-- DATA FOR THE TASK follows --
(* Let $L$ be an IL-algebra and $F$ a distributive filter of $L$. Then the lattice $L/F$ (with $[x]\cup[y]=[x\cup y]$, $[x]\cap[y]=[x\cap y]$) is distributive.
   Context: An IL-algebra is a structure $(L,\cup,\cap,\bot,\to,\ast,1)$ such that $(L,\cup,\cap,\bot)$ is a lattice with least element $\bot$, $(L,\ast,1)$ is a commutative monoid with unit $1$, and for all $x,y,z\in L$: $x\ast y\leq z$ iff $x\leq y\to z$. A filter of $L$ is a non-empty $F\subseteq L$ with $1\in F$, such that $x,y\in F$ implies $x\ast y\in F$ and $x\cap y\in F$, and $x\in F$, $x\leq y$ implies $y\in F$. A filter $F$ is distributive if $((x\cup y)\cap(x\cup z))\to(x\cup(y\cap z))\in F$ for all $x,y,z\in L$. For a filter $F$, $x\,\rho_F\,y$ iff $x\to y\in F$ and $y\to x\in F$; $[x]$ is the $\rho_F$-class of $x$ and $L/F=\{[x]:x\in L\}$, with the operations on classes well defined. *)

(** The lattice order is x ≤ y iff
    x ∩ y = x. *)
Record ILAlgebra := {
  carrier :> Type;
  join : carrier -> carrier -> carrier;
  meet : carrier -> carrier -> carrier;
  bot : carrier;
  imp : carrier -> carrier -> carrier;
  mul : carrier -> carrier -> carrier;
  one : carrier;
  join_comm : forall x y, join x y = join y x;
  meet_comm : forall x y, meet x y = meet y x;
  join_assoc : forall x y z, join x (join y z) = join (join x y) z;
  meet_assoc : forall x y z, meet x (meet y z) = meet (meet x y) z;
  join_meet_absorb : forall x y, join x (meet x y) = x;
  meet_join_absorb : forall x y, meet x (join x y) = x;
  bot_least : forall x, meet bot x = bot;
  mul_comm : forall x y, mul x y = mul y x;
  mul_assoc : forall x y z, mul x (mul y z) = mul (mul x y) z;
  mul_one : forall x, mul x one = x;
  residuation : forall x y z, meet (mul x y) z = mul x y <-> meet x (imp y z) = x
}.

Section IL.
Variable L : ILAlgebra.

Definition le (x y : L) : Prop := meet L x y = x.

Definition is_filter (F : L -> Prop) : Prop :=
  (exists x, F x) /\
  F (one L) /\
  (forall x y, F x -> F y -> F (mul L x y)) /\
  (forall x y, F x -> F y -> F (meet L x y)) /\
  (forall x y, F x -> le x y -> F y).

Definition distributive_filter (F : L -> Prop) : Prop :=
  is_filter F /\
  forall x y z : L,
    F (imp L (meet L (join L x y) (join L x z)) (join L x (meet L y z))).

Definition rho (F : L -> Prop) (x y : L) : Prop :=
  F (imp L x y) /\ F (imp L y x).

Definition cls (F : L -> Prop) (x : L) : L -> Prop := fun y => rho F x y.

Definition quotient_distributive (F : L -> Prop) : Prop :=
  forall x y z : L,
    cls F (meet L x (join L y z)) = cls F (join L (meet L x y) (meet L x z)) /\
    cls F (join L x (meet L y z)) = cls F (meet L (join L x y) (join L x z)).
End IL.

(** In L/F the class order is [x] ≤ [y] iff x → y ∈ F, and F-entailment is
    transitive and stable under meeting with a fixed element.  In every
    lattice x ∪ (y ∩ z) ≤ (x ∪ y) ∩ (x ∪ z); the reverse entailment is exactly
    the defining condition of a distributive filter, which gives the law
    [x] ∪ ([y] ∩ [z]) = ([x] ∪ [y]) ∩ ([x] ∪ [z]).  The dual law then follows by
    the classical lattice argument deriving one distributive law from the
    other, carried out up to F-entailment. *)

From Stdlib Require Import FunctionalExtensionality PropExtensionality.

Section ILAlgebraOrder.
Variable L : ILAlgebra.

Local Notation "x ⊓ y" := (meet L x y) (at level 40, left associativity).
Local Notation "x ⊔ y" := (join L x y) (at level 50, left associativity).
Local Notation "x ≤ y" := (le L x y) (at level 70).
Local Notation "x * y" := (mul L x y).
Local Notation "x → y" := (imp L x y) (at level 55, right associativity).

Lemma meetxx (x : L) : x ⊓ x = x.
Proof. rewrite <- (join_meet_absorb L x x) at 2. apply meet_join_absorb. Qed.

Lemma le_joinE (x y : L) : x ≤ y <-> x ⊔ y = y.
Proof.
  unfold le; split; intro H.
  - rewrite <- H, join_comm, meet_comm. apply join_meet_absorb.
  - rewrite <- H. apply meet_join_absorb.
Qed.

Lemma le_refl (x : L) : x ≤ x.
Proof. apply meetxx. Qed.

Lemma le_trans (x y z : L) : x ≤ y -> y ≤ z -> x ≤ z.
Proof. unfold le; intros Hxy Hyz. rewrite <- Hxy, <- meet_assoc, Hyz. reflexivity. Qed.

Lemma lexI (x y z : L) : x ≤ y -> x ≤ z -> x ≤ y ⊓ z.
Proof. unfold le; intros Hy Hz. rewrite meet_assoc, Hy, Hz. reflexivity. Qed.

Lemma leUx (x y z : L) : x ≤ z -> y ≤ z -> x ⊔ y ≤ z.
Proof. rewrite !le_joinE; intros Hx Hy. rewrite <- join_assoc, Hy, Hx. reflexivity. Qed.

Lemma leIxl (x y z : L) : x ≤ z -> x ⊓ y ≤ z.
Proof.
  apply le_trans. unfold le.
  rewrite (meet_comm L _ x), meet_assoc, meetxx. reflexivity.
Qed.

Lemma leIxr (x y z : L) : y ≤ z -> x ⊓ y ≤ z.
Proof. rewrite meet_comm. apply leIxl. Qed.

Lemma lexUl (x y z : L) : x ≤ y -> x ≤ y ⊔ z.
Proof. intro H. apply le_trans with y; [exact H | apply meet_join_absorb]. Qed.

Lemma lexUr (x y z : L) : x ≤ z -> x ≤ y ⊔ z.
Proof. rewrite join_comm. apply lexUl. Qed.

Lemma le_imp_of_mul (x y z : L) : x * y ≤ z -> x ≤ y → z.
Proof. apply residuation. Qed.

Lemma mul_le_of_le_imp (x y z : L) : x ≤ y → z -> x * y ≤ z.
Proof. apply residuation. Qed.

Lemma mul_impl (x y : L) : (x → y) * x ≤ y.
Proof. apply mul_le_of_le_imp, le_refl. Qed.

Lemma le_mul2r (x y z : L) : x ≤ y -> x * z ≤ y * z.
Proof.
  intro Hxy. apply mul_le_of_le_imp.
  apply le_trans with y; [exact Hxy | apply le_imp_of_mul, le_refl].
Qed.

Lemma le_mul2l (x y z : L) : x ≤ y -> z * x ≤ z * y.
Proof. rewrite !(mul_comm L z). apply le_mul2r. Qed.

Lemma le_one_imp (x y : L) : x ≤ y -> one L ≤ x → y.
Proof. intro Hxy. apply le_imp_of_mul. rewrite mul_comm, mul_one. exact Hxy. Qed.

End ILAlgebraOrder.

Ltac lattice :=
  solve [eauto 10 using le_refl, lexI, leUx, leIxl, leIxr, lexUl, lexUr].

Section FilterEntailment.
Variable L : ILAlgebra.
Variable F : L -> Prop.
Hypothesis F_filter : is_filter L F.

Local Notation "x ⊓ y" := (meet L x y) (at level 40, left associativity).
Local Notation "x ⊔ y" := (join L x y) (at level 50, left associativity).
Local Notation "x ≤ y" := (le L x y) (at level 70).
Local Notation "x * y" := (mul L x y).
Local Notation "x → y" := (imp L x y) (at level 55, right associativity).

Lemma filter_le (x y : L) : F x -> x ≤ y -> F y.
Proof. destruct F_filter as (_ & _ & _ & _ & H). apply H. Qed.

Lemma filter_imp_le (x y : L) : x ≤ y -> F (x → y).
Proof.
  intro Hxy. apply filter_le with (one L).
  - destruct F_filter as (_ & H & _). exact H.
  - now apply le_one_imp.
Qed.

Lemma filter_imp_trans (x y z : L) : F (x → y) -> F (y → z) -> F (x → z).
Proof.
  intros Hxy Hyz. apply filter_le with ((x → y) * (y → z)).
  - destruct F_filter as (_ & _ & H & _). now apply H.
  - apply le_imp_of_mul.
    rewrite (mul_comm L (x → y)), <- mul_assoc.
    apply le_trans with ((y → z) * y); [apply le_mul2l, mul_impl | apply mul_impl].
Qed.

(* Meeting with [one] keeps the [c] component: 1 * (c ⊓ x) ≤ c. *)
Lemma filter_imp_meet2l (c x y : L) : F (x → y) -> F (c ⊓ x → c ⊓ y).
Proof.
  intro Hxy. apply filter_le with ((x → y) ⊓ one L).
  - destruct F_filter as (_ & F_one & _ & F_meet & _). now apply F_meet.
  - apply le_imp_of_mul, lexI.
    + apply le_trans with (one L * (c ⊓ x)); [apply le_mul2r; lattice |].
      rewrite mul_comm, mul_one. lattice.
    + apply le_trans with ((x → y) * x); [| apply mul_impl].
      apply le_trans with ((x → y) * (c ⊓ x)); [apply le_mul2r; lattice |].
      apply le_mul2l; lattice.
Qed.

Lemma cls_eq (x y : L) : rho L F x y -> cls L F x = cls L F y.
Proof.
  intros [Hxy Hyx]. apply functional_extensionality; intro z.
  apply propositional_extensionality.
  unfold cls, rho; split; intros [Hz1 Hz2]; split; eauto using filter_imp_trans.
Qed.

Hypothesis F_distr :
  forall x y z : L, F ((x ⊔ y) ⊓ (x ⊔ z) → x ⊔ y ⊓ z).

Lemma rho_join_meet_distr (x y z : L) :
  rho L F (x ⊔ y ⊓ z) ((x ⊔ y) ⊓ (x ⊔ z)).
Proof. split; [apply filter_imp_le; lattice | apply F_distr]. Qed.

Lemma rho_meet_join_distr (x y z : L) :
  rho L F (x ⊓ (y ⊔ z)) (x ⊓ y ⊔ x ⊓ z).
Proof.
  split; [| apply filter_imp_le; lattice].
  apply filter_imp_trans with (x ⊓ ((z ⊔ x) ⊓ (z ⊔ y))); [apply filter_imp_le; lattice |].
  apply filter_imp_trans with (x ⊓ (z ⊔ x ⊓ y)); [now apply filter_imp_meet2l |].
  apply filter_imp_trans with ((x ⊓ y ⊔ x) ⊓ (x ⊓ y ⊔ z)); [apply filter_imp_le; lattice |].
  apply F_distr.
Qed.

End FilterEntailment.

Theorem mainTheorem8 (L : ILAlgebra) (F : L -> Prop) :
  distributive_filter L F -> quotient_distributive L F.
Proof.
  intros [F_filter F_distr] x y z.
  split; apply cls_eq; auto.
  - now apply rho_meet_join_distr.
  - now apply rho_join_meet_distr.
Qed.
-- DATA FOR THE TASK concluded --
EXERCISE DIRECTIONS:
Take the lines above from the one containing "transitive and stable" to the one containing "Proof. rewrite <- (join_meet_absorb" and retype them exactly, both ends included, with nothing added.

REPLY:
    transitive and stable under meeting with a fixed element.  In every
    lattice x ∪ (y ∩ z) ≤ (x ∪ y) ∩ (x ∪ z); the reverse entailment is exactly
    the defining condition of a distributive filter, which gives the law
    [x] ∪ ([y] ∩ [z]) = ([x] ∪ [y]) ∩ ([x] ∪ [z]).  The dual law then follows by
    the classical lattice argument deriving one distributive law from the
    other, carried out up to F-entailment. *)

From Stdlib Require Import FunctionalExtensionality PropExtensionality.

Section ILAlgebraOrder.
Variable L : ILAlgebra.

Local Notation "x ⊓ y" := (meet L x y) (at level 40, left associativity).
Local Notation "x ⊔ y" := (join L x y) (at level 50, left associativity).
Local Notation "x ≤ y" := (le L x y) (at level 70).
Local Notation "x * y" := (mul L x y).
Local Notation "x → y" := (imp L x y) (at level 55, right associativity).

Lemma meetxx (x : L) : x ⊓ x = x.
Proof. rewrite <- (join_meet_absorb L x x) at 2. apply meet_join_absorb. Qed.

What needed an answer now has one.